Be Present – A Response to “Look Up”

I recently watched a video posted to YouTube by Gary Turk called “Look Up” and thought I would share some of my initial responses and provide some interesting research from Pew.

I wonder how helpful it is to demonize the mobile technological innovation we hold in our hands. The video describes how much of life one misses out on just because they were looking at a screen. The missed encounters, the baby never born, the lack of friends, and ensuing isolation. Really? Our best attempts at thinking critically is by a video viewed over 25 million times with 187k likes on YouTube exhorting us to stop using screens because it isn’t real life? Ironically, the same devices that made the video possible and shareable are the ones we use to watch it and share it on our social networks.

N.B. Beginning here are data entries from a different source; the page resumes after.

Theorem lemma3p5 (k : fieldType) (B : comAlgType k) (r : nat -> nat)
  (bas : forall d : nat, 'I_(r d) -> B)
  (c : forall d d', 'I_(r d) -> 'I_(r d') -> 'I_(r (d + d')%N) -> k) :
  [pchar k] =i pred0 ->
  graded_algebra_gen_B1 bas c ->
  forall (d e n m : nat) (Delta : forall N p q : nat, tens k r e N -> tens2 k r e p q),
  is_Delta Delta ->
  forall (f : tens k r d n) (b : tens k r d m) (a : tens k r e (m + n)),
  sym f -> sym b -> sym a ->
  star c a (dot b f) = mu c b f (Delta (m + n)%N m n a).
Proof.
move=> char0 _ d e n m Delta DeltaP f b a _ _ sym_a.
apply: star_dot_deconcat => // K1 K2.
by rewrite ((deconcatenatingP DeltaP char0 sym_a).1 _ _ erefl) castf_id.
Qed.
Lemma derive_linear a t : derivable_pt_lim (fun x => a * x) t a.
Proof.
  pose proof (derivable_pt_lim_scal id a t 1 (derivable_pt_lim_id t)) as H.
  rewrite Rmult_1_r in H; exact H.
Qed.

Lemma injective_immersion_linear a b e : 0 < a ^ 2 + b ^ 2 + e ^ 2 ->
  injective_immersion (fun t => a * t) (fun t => b * t) (fun t => e * t).
Proof.
  intros Hpos; split.
  - intros s t E1 E2 E3.
    destruct (Req_dec s t) as [|Hne]; [assumption | exfalso].
    assert (Hst : s - t <> 0) by lra.
    assert (a = 0) by (apply (Rmult_eq_reg_r (s - t)); [lra | exact Hst]).
    assert (b = 0) by (apply (Rmult_eq_reg_r (s - t)); [lra | exact Hst]).
    assert (e = 0) by (apply (Rmult_eq_reg_r (s - t)); [lra | exact Hst]).
    subst; lra.
  - intros t l1 l2 l3 D1 D2 D3 [Z1 [Z2 Z3]].
    rewrite (uniqueness_limite _ _ _ _ D1 (derive_linear a t)) in Z1.
    rewrite (uniqueness_limite _ _ _ _ D2 (derive_linear b t)) in Z2.
    rewrite (uniqueness_limite _ _ _ _ D3 (derive_linear e t)) in Z3.
    subst; lra.
Qed.

Lemma derive_rescale f t A k x L : derivable_pt_lim f (t * x) L ->
  derivable_pt_lim (fun y => A + k * f (t * y)) x (k * (L * t)).
Proof.
  intros HL; rewrite <- (Rplus_0_l (k * (L * t))).
  exact (derivable_pt_lim_plus (fct_cte A) _ x 0 _ (derivable_pt_lim_const A x)
    (derivable_pt_lim_scal _ k x _
       (derivable_pt_lim_comp (fun y => t * y) f x t L (derive_linear t x) HL))).
Qed.

Lemma injective_immersion_rescale f g h t k A B C :
  derivable f -> derivable g -> derivable h -> t <> 0 -> k <> 0 ->
  injective_immersion f g h ->
  injective_immersion (fun x => A + k * f (t * x)) (fun x => B + k * g (t * x))
    (fun x => C + k * h (t * x)).
Proof.
  intros Df Dg Dh Ht Hk [Hinj Himm]; split.
  - intros s u E1 E2 E3.
    apply (Rmult_eq_reg_l t); [| exact Ht].
    apply Hinj; apply (Rmult_eq_reg_l k); lra.
  - intros x l1 l2 l3 D1 D2 D3 Hzero.
    destruct (Df (t * x)) as [L1 HL1], (Dg (t * x)) as [L2 HL2], (Dh (t * x)) as [L3 HL3].
    apply (Himm (t * x) L1 L2 L3 HL1 HL2 HL3).
    rewrite (uniqueness_limite _ _ _ _ D1 (derive_rescale _ _ _ _ _ _ HL1)),
      (uniqueness_limite _ _ _ _ D2 (derive_rescale _ _ _ _ _ _ HL2)),
      (uniqueness_limite _ _ _ _ D3 (derive_rescale _ _ _ _ _ _ HL3)) in Hzero.
    assert (Hcancel : forall L, k * (L * t) = 0 -> L = 0).
    { intros L HL; destruct (Rmult_integral _ _ HL) as [|HLt]; [contradiction|].
      destruct (Rmult_integral _ _ HLt); [assumption | contradiction]. }
    destruct Hzero as [Z1 [Z2 Z3]]; auto.
Qed.

Section Knots.
Variable d : nat.
Hypothesis Hd : (3 <= d)%nat.

(* The linear coefficients a_1, b_1, c_1 sit at positions 1, d, 2d of eta(phi). *)
Definition speed2 (c : nat -> R) : R := c 1%nat ^ 2 + c d ^ 2 + c (2 * d)%nat ^ 2.

Definition speed (c : nat -> R) : R := sqrt (speed2 c).

Definition tangent_dir (c : nat -> R) : nat -> R := fun i =>
  match i with
  | O => c 1%nat / speed c
  | 1%nat => c d / speed c
  | 2%nat => c (2 * d)%nat / speed c
  | _ => 0
  end.
(* Let $S\subset\mathbb P^1$ be finite and let $(\mathcal E,\theta)$ be a parabolic system of Hodge bundles of type $(1,1)$ over $\mathbb P^1$ with parabolic structure at $S$, i.e. $\mathcal E=\mathcal L\oplus\mathcal L'$ with $\mathcal L,\mathcal L'$ line bundles carrying weights $\alpha(p),\alpha'(p)$ at $p\in S$ and $\theta:\mathcal L\to\mathcal L'\otimes\Omega^1_{\mathbb P^1}(\log S)$. If $(\mathcal E,\theta)$ is stable as a parabolic Higgs bundle, then $\mathcal E$ (forgetting $\theta$) is not stable as a parabolic vector bundle.
   Context: Weights satisfy $|\alpha(p)-\alpha'(p)|<1$ for each $p$. For a line subbundle $\mathcal F\subset\mathcal E$, its parabolic degree is $\deg\mathcal F$ plus, for each $p\in S$, the weight induced on $\mathcal F_p$ by the weighted flag of $\mathcal E_p$ (the larger of $\alpha(p),\alpha'(p)$ is carried by the corresponding line, the smaller by $\mathcal E_p$; if equal, $\mathcal E_p$ carries that weight); $\mathrm{pardeg}\,\mathcal E=\deg\mathcal E+\sum_p(\alpha(p)+\alpha'(p))$. $\mathcal E$ is stable as a parabolic bundle if every line subbundle $\mathcal F$ has $\mathrm{pardeg}\,\mathcal F<\mathrm{pardeg}\,\mathcal E/2$; $(\mathcal E,\theta)$ is stable as a parabolic Higgs bundle if this holds for every line subbundle $\mathcal F$ with $\theta(\mathcal F)\subset\mathcal F\otimes\Omega^1(\log S)$ (here $\theta$ is extended to $\mathcal E$ by $\theta(\mathcal L')=0$). *)

From HB Require Import structures.
From mathcomp Require Import all_boot all_order all_algebra.
From mathcomp Require Import reals complex.
Set Implicit Arguments. Unset Strict Implicit. Unset Printing Implicit Defensive.
Import Order.TTheory GRing.Theory Num.Theory.
Local Open Scope ring_scope.

(* Points of P^1(k) are [Some x] (the point [x:1]) or [None] (the point [1:0]). *)
Definition P1 (k : Type) := option k.

Section P1Defs.
Variable k : nzRingType.

(* A section of O(d) on P^1 is a homogeneous polynomial of degree d in X0,X1,
   represented by its dehomogenization p(x) = f(x,1); it is a section of O(d)
   iff d >= 0 and size p <= d+1, or d < 0 and p = 0. *)
Definition is_section (d : int) (p : {poly k}) : bool :=
  if (d < 0)%R then p == 0 else (size p <= (absz d).+1)%N.

(* Value of the section p of O(d) at a point, in the standard local
   trivialisation of O(d) at that point (f(x,1) resp. f(1,0)). *)
Definition ev (d : int) (p : {poly k}) (z : P1 k) : k :=
  match z with Some x => p.[x] | None => p`_(absz d) end.
End P1Defs.

(* Every line bundle on P^1 is O(d).  A rank-one subbundle F = O(c) of
   E = L (+) L' = O(a) (+) O(b) is given by a pair (s,t) of sections of
   O(a-c), O(b-c) without common zero; its fibre at z is the line spanned by
   (s(z), t(z)) in E_z = L_z (+) L'_z. *)
Definition is_line_subbundle (k : nzRingType) (a b c : int) (s t : {poly k}) : Prop :=
  [/\ is_section (a - c) s, is_section (b - c) t &
      forall z : P1 k, ev (a - c) s z != 0 \/ ev (b - c) t z != 0].

Section Parabolic.
Variable R : realType.
Local Notation C := R[i].

(* Weight induced on the fibre F_p (spanned by (sz,tz) in L_p (+) L'_p) by the
   weighted flag of E_p: the larger of alpha(p), alpha'(p) is carried by the
   corresponding line, the smaller by E_p; if equal E_p carries it. *)
Definition induced_weight (al al' : R) (sz tz : C) : R :=
  if al' < al then (if tz == 0 then al else al')
  else if al < al' then (if sz == 0 then al' else al)
  else al.

Definition pardeg_sub (S : seq (P1 C)) (al al' : P1 C -> R)
    (a b c : int) (s t : {poly C}) : R :=
  c%:~R + \sum_(p <- S) induced_weight (al p) (al' p) (ev (a - c) s p) (ev (b - c) t p).

Definition pardeg_E (S : seq (P1 C)) (al al' : P1 C -> R) (a b : int) : R :=
  (a + b)%:~R + \sum_(p <- S) (al p + al' p).

Definition par_stable (S : seq (P1 C)) (al al' : P1 C -> R) (a b : int) : Prop :=
  forall (c : int) (s t : {poly C}), is_line_subbundle a b c s t ->
    pardeg_sub S al al' a b c s t < pardeg_E S al al' a b / 2.

(* Higgs field theta : L -> L' (x) Omega^1(log S) = O(b - a - 2 + #S),
   extended by theta(L') = 0, i.e. theta(u,v) = (0, theta u).
   F is theta-invariant iff theta(F_z) subset F_z (x) Omega_z at every z. *)
Definition higgs_degree (S : seq (P1 C)) (a b : int) : int :=
  b - a - 2 + (size S)%:Z.

Definition theta_invariant (S : seq (P1 C)) (a b c : int)
    (theta s t : {poly C}) : Prop :=
  forall z : P1 C, exists lam : C,
    0 = lam * ev (a - c) s z /\
    ev (higgs_degree S a b) theta z * ev (a - c) s z = lam * ev (b - c) t z.

Definition higgs_stable (S : seq (P1 C)) (al al' : P1 C -> R) (a b : int)
    (theta : {poly C}) : Prop :=
  forall (c : int) (s t : {poly C}), is_line_subbundle a b c s t ->
    theta_invariant S a b c theta s t ->
    pardeg_sub S al al' a b c s t < pardeg_E S al al' a b / 2.
End Parabolic.

From HB Require Import structures.
From mathcomp Require Import all_boot all_order all_algebra.
From mathcomp Require Import reals complex.
Import Order.TTheory GRing.Theory Num.Theory.
Local Open Scope ring_scope.

(* Since theta vanishes on L', the summand L' is theta-invariant, so Higgs
   stability gives pardeg L' < pardeg E / 2.  The parabolic degrees of the
   two summands L and L' add up to pardeg E, hence pardeg L > pardeg E / 2
   and L destabilises E as a parabolic bundle. *)

Section Sections.
Variable k : nzRingType.

Lemma ev_poly0 (d : int) (z : P1 k) : ev d 0 z = 0.
Proof. by case: z => [x|] /=; rewrite ?horner0 ?coef0. Qed.

Lemma ev_poly1 (z : P1 k) : ev 0 1 z = 1.
Proof. by case: z => [x|] /=; rewrite ?hornerC ?coefC. Qed.

Lemma is_section0 (d : int) : is_section d (0 : {poly k}).
Proof. by rewrite /is_section size_poly0; case: ifP. Qed.

Lemma is_section1 : is_section 0 (1 : {poly k}).
Proof. by rewrite /is_section /= size_poly1. Qed.

Lemma first_summand_subbundle (a b : int) : is_line_subbundle a b a (1 : {poly k}) 0.
Proof.
split; rewrite ?subrr; [exact: is_section1 | exact: is_section0 |].
by move=> z; left; rewrite ev_poly1 oner_neq0.
Qed.

Lemma second_summand_subbundle (a b : int) : is_line_subbundle a b b 0 (1 : {poly k}).
Proof.
split; rewrite ?subrr; [exact: is_section0 | exact: is_section1 |].
by move=> z; right; rewrite ev_poly1 oner_neq0.
Qed.

End Sections.

Section Parabolic.
Variable R : realType.
Local Notation C := R[i].

Lemma induced_weight_first (al al' : R) (s : C) :
  s != 0 -> induced_weight al al' s 0 = al.
Proof. by move=> /negPf s_neq0; rewrite /induced_weight eqxx s_neq0; case: ltgtP. Qed.

Lemma induced_weight_second (al al' : R) (t : C) :
  t != 0 -> induced_weight al al' 0 t = al'.
Proof.
by move=> /negPf t_neq0; rewrite /induced_weight eqxx t_neq0; case: ltgtP => // ->.
Qed.

Variables (S : seq (P1 C)) (al al' : P1 C -> R) (a b : int).

Lemma pardeg_first_summand :
  pardeg_sub S al al' a b a 1 0 = a%:~R + \sum_(p <- S) al p.
Proof.
congr (_ + _); apply: eq_bigr => p _.
by rewrite subrr ev_poly1 ev_poly0 induced_weight_first ?oner_neq0.
Qed.

Lemma pardeg_second_summand :
  pardeg_sub S al al' a b b 0 1 = b%:~R + \sum_(p <- S) al' p.
Proof.
congr (_ + _); apply: eq_bigr => p _.
by rewrite subrr ev_poly1 ev_poly0 induced_weight_second ?oner_neq0.
Qed.

Lemma pardeg_summandsD :
  pardeg_sub S al al' a b a 1 0 + pardeg_sub S al al' a b b 0 1
  = pardeg_E S al al' a b.
Proof.
rewrite pardeg_first_summand pardeg_second_summand /pardeg_E big_split intrD /=.
by rewrite addrACA.
Qed.

Lemma second_summand_theta_invariant (theta : {poly C}) :
  theta_invariant S a b b theta 0 1.
Proof. by move=> z; exists 0; rewrite ev_poly0 !mul0r mulr0. Qed.

End Parabolic.

Theorem proposition8p2 (R : realType) (S : seq (P1 R[i])) (a b : int)
    (al al' : P1 R[i] -> R) (theta : {poly R[i]}) :
  uniq S ->
  (forall p, p \in S -> `|al p - al' p| < 1) ->
  is_section (higgs_degree S a b) theta ->
  higgs_stable S al al' a b theta ->
  ~ par_stable S al al' a b.
Proof.
move=> _ _ _ higgs_st par_st.
have L'_small := higgs_st b 0 1 (second_summand_subbundle _ a b)
  (second_summand_theta_invariant _ S a b theta).
have L_small := par_st a 1 0 (first_summand_subbundle _ a b).
have := ltrD L_small L'_small.
by rewrite pardeg_summandsD -splitr ltxx.
Qed.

Emerging digital technology, specifically social networks, are not causing us to be mindless and isolated humans without friends. Our life is always real life whether it happens face-to-face in the physical presence of another or sent in 0s and 1s through wireless infrastructure across the globe. Social networks are an integral life source that holds our mobile, global, and every changing culture together.

My sister met her boyfriend online (is that real life?).

We Skyped my other sister for 5+ hours during Christmas to open presents, drink wine, and play games (is that real life?).

We FaceTime with my nephew (2 years young) often to hear his voice and see him (is that real life?).

My grandma is on Facebook and this is one of the main ways we stay in touch. Not to mention the few times we’ve FaceTimed to say hello (is this real life?).

A friend has built a strong network of close friends from all over the country on Tumblr. She has even traveled to and with some of them (is that real life?).

Social networks are real life. It is time to shift the debate between digital experience vs. face-to-face experience and transition to being present wherever we are. Be present in your social online encounters. Be present with your friends at dinner. Don’t miss your child’s first steps because you were liking a post on Facebook. Whatever you are doing just be there and don’t worry about whether or not there is a screen between you and them.

Pew Research has some interesting research in this area that is worthwhile to dig into. I include a section below, but I do encourage you to check out the additional links with more comprehensive information.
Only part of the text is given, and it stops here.